TASK DIRECTIONS
The data below is to be repeated in full, exactly as given.

Dataset entries:
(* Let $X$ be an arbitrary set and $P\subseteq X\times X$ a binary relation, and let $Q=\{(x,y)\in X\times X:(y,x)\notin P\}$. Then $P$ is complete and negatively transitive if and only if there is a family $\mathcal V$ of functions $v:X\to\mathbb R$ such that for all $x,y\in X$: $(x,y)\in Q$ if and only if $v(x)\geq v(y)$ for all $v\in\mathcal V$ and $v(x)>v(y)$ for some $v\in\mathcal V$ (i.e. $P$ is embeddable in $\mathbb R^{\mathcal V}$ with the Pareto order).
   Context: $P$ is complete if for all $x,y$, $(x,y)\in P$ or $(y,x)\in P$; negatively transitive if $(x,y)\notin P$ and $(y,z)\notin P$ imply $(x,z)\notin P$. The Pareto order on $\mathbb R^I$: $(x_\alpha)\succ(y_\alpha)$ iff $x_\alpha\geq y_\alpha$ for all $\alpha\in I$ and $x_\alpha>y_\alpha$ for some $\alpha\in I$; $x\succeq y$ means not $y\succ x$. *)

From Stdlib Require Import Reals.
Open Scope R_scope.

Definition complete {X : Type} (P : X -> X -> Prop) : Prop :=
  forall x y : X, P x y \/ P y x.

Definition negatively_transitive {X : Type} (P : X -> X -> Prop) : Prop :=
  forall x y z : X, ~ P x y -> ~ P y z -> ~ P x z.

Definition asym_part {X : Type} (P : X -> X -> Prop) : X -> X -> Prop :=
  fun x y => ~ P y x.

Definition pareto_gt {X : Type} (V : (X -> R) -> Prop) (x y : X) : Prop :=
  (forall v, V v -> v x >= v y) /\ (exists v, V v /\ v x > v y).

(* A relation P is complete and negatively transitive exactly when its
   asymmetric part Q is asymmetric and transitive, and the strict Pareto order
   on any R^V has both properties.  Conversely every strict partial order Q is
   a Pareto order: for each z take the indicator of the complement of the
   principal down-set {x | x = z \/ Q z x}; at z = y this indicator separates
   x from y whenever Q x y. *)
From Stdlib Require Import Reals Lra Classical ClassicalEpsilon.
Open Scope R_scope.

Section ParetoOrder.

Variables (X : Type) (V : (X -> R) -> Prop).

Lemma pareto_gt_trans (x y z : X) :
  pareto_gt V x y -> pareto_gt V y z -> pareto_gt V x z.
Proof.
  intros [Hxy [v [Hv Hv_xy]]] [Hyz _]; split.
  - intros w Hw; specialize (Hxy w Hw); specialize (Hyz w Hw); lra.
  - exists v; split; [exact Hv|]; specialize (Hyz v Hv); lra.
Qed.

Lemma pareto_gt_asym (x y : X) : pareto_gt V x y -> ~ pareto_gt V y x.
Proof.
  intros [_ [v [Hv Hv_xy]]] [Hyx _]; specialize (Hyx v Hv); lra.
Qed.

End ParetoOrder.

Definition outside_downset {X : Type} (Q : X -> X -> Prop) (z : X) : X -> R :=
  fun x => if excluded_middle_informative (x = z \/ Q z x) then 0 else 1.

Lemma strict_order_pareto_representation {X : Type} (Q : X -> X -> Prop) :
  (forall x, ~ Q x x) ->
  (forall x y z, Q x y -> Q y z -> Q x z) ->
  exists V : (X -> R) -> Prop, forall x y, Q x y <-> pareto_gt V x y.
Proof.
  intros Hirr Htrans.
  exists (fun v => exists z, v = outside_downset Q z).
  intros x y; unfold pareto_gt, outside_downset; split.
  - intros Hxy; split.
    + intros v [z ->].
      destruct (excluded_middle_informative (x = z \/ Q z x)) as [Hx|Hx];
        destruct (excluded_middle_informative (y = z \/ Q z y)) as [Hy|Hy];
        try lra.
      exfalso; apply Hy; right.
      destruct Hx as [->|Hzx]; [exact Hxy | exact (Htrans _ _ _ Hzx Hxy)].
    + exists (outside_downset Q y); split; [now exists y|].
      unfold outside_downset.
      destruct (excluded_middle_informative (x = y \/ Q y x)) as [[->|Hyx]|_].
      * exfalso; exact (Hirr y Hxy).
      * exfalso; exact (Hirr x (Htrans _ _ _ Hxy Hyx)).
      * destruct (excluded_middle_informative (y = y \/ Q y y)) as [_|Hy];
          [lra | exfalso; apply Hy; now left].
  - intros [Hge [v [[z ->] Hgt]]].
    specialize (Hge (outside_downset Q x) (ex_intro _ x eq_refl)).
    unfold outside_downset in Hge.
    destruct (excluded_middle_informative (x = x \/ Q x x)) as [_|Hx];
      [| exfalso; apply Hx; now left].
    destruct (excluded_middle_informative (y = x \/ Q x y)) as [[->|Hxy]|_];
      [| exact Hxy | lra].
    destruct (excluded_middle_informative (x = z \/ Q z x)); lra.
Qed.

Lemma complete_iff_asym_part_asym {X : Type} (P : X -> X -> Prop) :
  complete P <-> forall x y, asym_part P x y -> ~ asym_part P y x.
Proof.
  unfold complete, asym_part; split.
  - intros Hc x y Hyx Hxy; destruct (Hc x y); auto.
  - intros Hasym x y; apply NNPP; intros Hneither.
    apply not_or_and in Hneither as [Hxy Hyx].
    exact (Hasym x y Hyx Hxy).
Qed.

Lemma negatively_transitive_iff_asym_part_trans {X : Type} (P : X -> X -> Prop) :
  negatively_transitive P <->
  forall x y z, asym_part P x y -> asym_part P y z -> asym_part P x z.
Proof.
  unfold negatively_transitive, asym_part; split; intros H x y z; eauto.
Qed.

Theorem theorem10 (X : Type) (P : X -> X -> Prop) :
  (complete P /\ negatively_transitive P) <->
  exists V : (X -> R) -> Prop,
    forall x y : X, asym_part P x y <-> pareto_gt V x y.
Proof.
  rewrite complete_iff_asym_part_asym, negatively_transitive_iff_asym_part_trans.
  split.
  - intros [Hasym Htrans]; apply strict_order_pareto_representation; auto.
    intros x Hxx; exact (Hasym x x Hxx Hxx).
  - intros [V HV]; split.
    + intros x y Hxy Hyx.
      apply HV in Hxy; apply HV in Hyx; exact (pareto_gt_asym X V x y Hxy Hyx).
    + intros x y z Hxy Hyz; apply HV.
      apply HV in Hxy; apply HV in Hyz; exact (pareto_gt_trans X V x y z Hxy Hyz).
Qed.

RESPONSE
(* Let $X$ be an arbitrary set and $P\subseteq X\times X$ a binary relation, and let $Q=\{(x,y)\in X\times X:(y,x)\notin P\}$. Then $P$ is complete and negatively transitive if and only if there is a family $\mathcal V$ of functions $v:X\to\mathbb R$ such that for all $x,y\in X$: $(x,y)\in Q$ if and only if $v(x)\geq v(y)$ for all $v\in\mathcal V$ and $v(x)>v(y)$ for some $v\in\mathcal V$ (i.e. $P$ is embeddable in $\mathbb R^{\mathcal V}$ with the Pareto order).
   Context: $P$ is complete if for all $x,y$, $(x,y)\in P$ or $(y,x)\in P$; negatively transitive if $(x,y)\notin P$ and $(y,z)\notin P$ imply $(x,z)\notin P$. The Pareto order on $\mathbb R^I$: $(x_\alpha)\succ(y_\alpha)$ iff $x_\alpha\geq y_\alpha$ for all $\alpha\in I$ and $x_\alpha>y_\alpha$ for some $\alpha\in I$; $x\succeq y$ means not $y\succ x$. *)

From Stdlib Require Import Reals.
Open Scope R_scope.

Definition complete {X : Type} (P : X -> X -> Prop) : Prop :=
  forall x y : X, P x y \/ P y x.

Definition negatively_transitive {X : Type} (P : X -> X -> Prop) : Prop :=
  forall x y z : X, ~ P x y -> ~ P y z -> ~ P x z.

Definition asym_part {X : Type} (P : X -> X -> Prop) : X -> X -> Prop :=
  fun x y => ~ P y x.

Definition pareto_gt {X : Type} (V : (X -> R) -> Prop) (x y : X) : Prop :=
  (forall v, V v -> v x >= v y) /\ (exists v, V v /\ v x > v y).

(* A relation P is complete and negatively transitive exactly when its
   asymmetric part Q is asymmetric and transitive, and the strict Pareto order
   on any R^V has both properties.  Conversely every strict partial order Q is
   a Pareto order: for each z take the indicator of the complement of the
   principal down-set {x | x = z \/ Q z x}; at z = y this indicator separates
   x from y whenever Q x y. *)
From Stdlib Require Import Reals Lra Classical ClassicalEpsilon.
Open Scope R_scope.

Section ParetoOrder.

Variables (X : Type) (V : (X -> R) -> Prop).

Lemma pareto_gt_trans (x y z : X) :
  pareto_gt V x y -> pareto_gt V y z -> pareto_gt V x z.
Proof.
  intros [Hxy [v [Hv Hv_xy]]] [Hyz _]; split.
  - intros w Hw; specialize (Hxy w Hw); specialize (Hyz w Hw); lra.
  - exists v; split; [exact Hv|]; specialize (Hyz v Hv); lra.
Qed.

Lemma pareto_gt_asym (x y : X) : pareto_gt V x y -> ~ pareto_gt V y x.
Proof.
  intros [_ [v [Hv Hv_xy]]] [Hyx _]; specialize (Hyx v Hv); lra.
Qed.

End ParetoOrder.

Definition outside_downset {X : Type} (Q : X -> X -> Prop) (z : X) : X -> R :=
  fun x => if excluded_middle_informative (x = z \/ Q z x) then 0 else 1.

Lemma strict_order_pareto_representation {X : Type} (Q : X -> X -> Prop) :
  (forall x, ~ Q x x) ->
  (forall x y z, Q x y -> Q y z -> Q x z) ->
  exists V : (X -> R) -> Prop, forall x y, Q x y <-> pareto_gt V x y.
Proof.
  intros Hirr Htrans.
  exists (fun v => exists z, v = outside_downset Q z).
  intros x y; unfold pareto_gt, outside_downset; split.
  - intros Hxy; split.
    + intros v [z ->].
      destruct (excluded_middle_informative (x = z \/ Q z x)) as [Hx|Hx];
        destruct (excluded_middle_informative (y = z \/ Q z y)) as [Hy|Hy];
        try lra.
      exfalso; apply Hy; right.
      destruct Hx as [->|Hzx]; [exact Hxy | exact (Htrans _ _ _ Hzx Hxy)].
    + exists (outside_downset Q y); split; [now exists y|].
      unfold outside_downset.
      destruct (excluded_middle_informative (x = y \/ Q y x)) as [[->|Hyx]|_].
      * exfalso; exact (Hirr y Hxy).
      * exfalso; exact (Hirr x (Htrans _ _ _ Hxy Hyx)).
      * destruct (excluded_middle_informative (y = y \/ Q y y)) as [_|Hy];
          [lra | exfalso; apply Hy; now left].
  - intros [Hge [v [[z ->] Hgt]]].
    specialize (Hge (outside_downset Q x) (ex_intro _ x eq_refl)).
    unfold outside_downset in Hge.
    destruct (excluded_middle_informative (x = x \/ Q x x)) as [_|Hx];
      [| exfalso; apply Hx; now left].
    destruct (excluded_middle_informative (y = x \/ Q x y)) as [[->|Hxy]|_];
      [| exact Hxy | lra].
    destruct (excluded_middle_informative (x = z \/ Q z x)); lra.
Qed.

Lemma complete_iff_asym_part_asym {X : Type} (P : X -> X -> Prop) :
  complete P <-> forall x y, asym_part P x y -> ~ asym_part P y x.
Proof.
  unfold complete, asym_part; split.
  - intros Hc x y Hyx Hxy; destruct (Hc x y); auto.
  - intros Hasym x y; apply NNPP; intros Hneither.
    apply not_or_and in Hneither as [Hxy Hyx].
    exact (Hasym x y Hyx Hxy).
Qed.

Lemma negatively_transitive_iff_asym_part_trans {X : Type} (P : X -> X -> Prop) :
  negatively_transitive P <->
  forall x y z, asym_part P x y -> asym_part P y z -> asym_part P x z.
Proof.
  unfold negatively_transitive, asym_part; split; intros H x y z; eauto.
Qed.

Theorem theorem10 (X : Type) (P : X -> X -> Prop) :
  (complete P /\ negatively_transitive P) <->
  exists V : (X -> R) -> Prop,
    forall x y : X, asym_part P x y <-> pareto_gt V x y.
Proof.
  rewrite complete_iff_asym_part_asym, negatively_transitive_iff_asym_part_trans.
  split.
  - intros [Hasym Htrans]; apply strict_order_pareto_representation; auto.
    intros x Hxx; exact (Hasym x x Hxx Hxx).
  - intros [V HV]; split.
    + intros x y Hxy Hyx.
      apply HV in Hxy; apply HV in Hyx; exact (pareto_gt_asym X V x y Hxy Hyx).
    + intros x y z Hxy Hyz; apply HV.
      apply HV in Hxy; apply HV in Hyz; exact (pareto_gt_trans X V x y z Hxy Hyz).
Qed.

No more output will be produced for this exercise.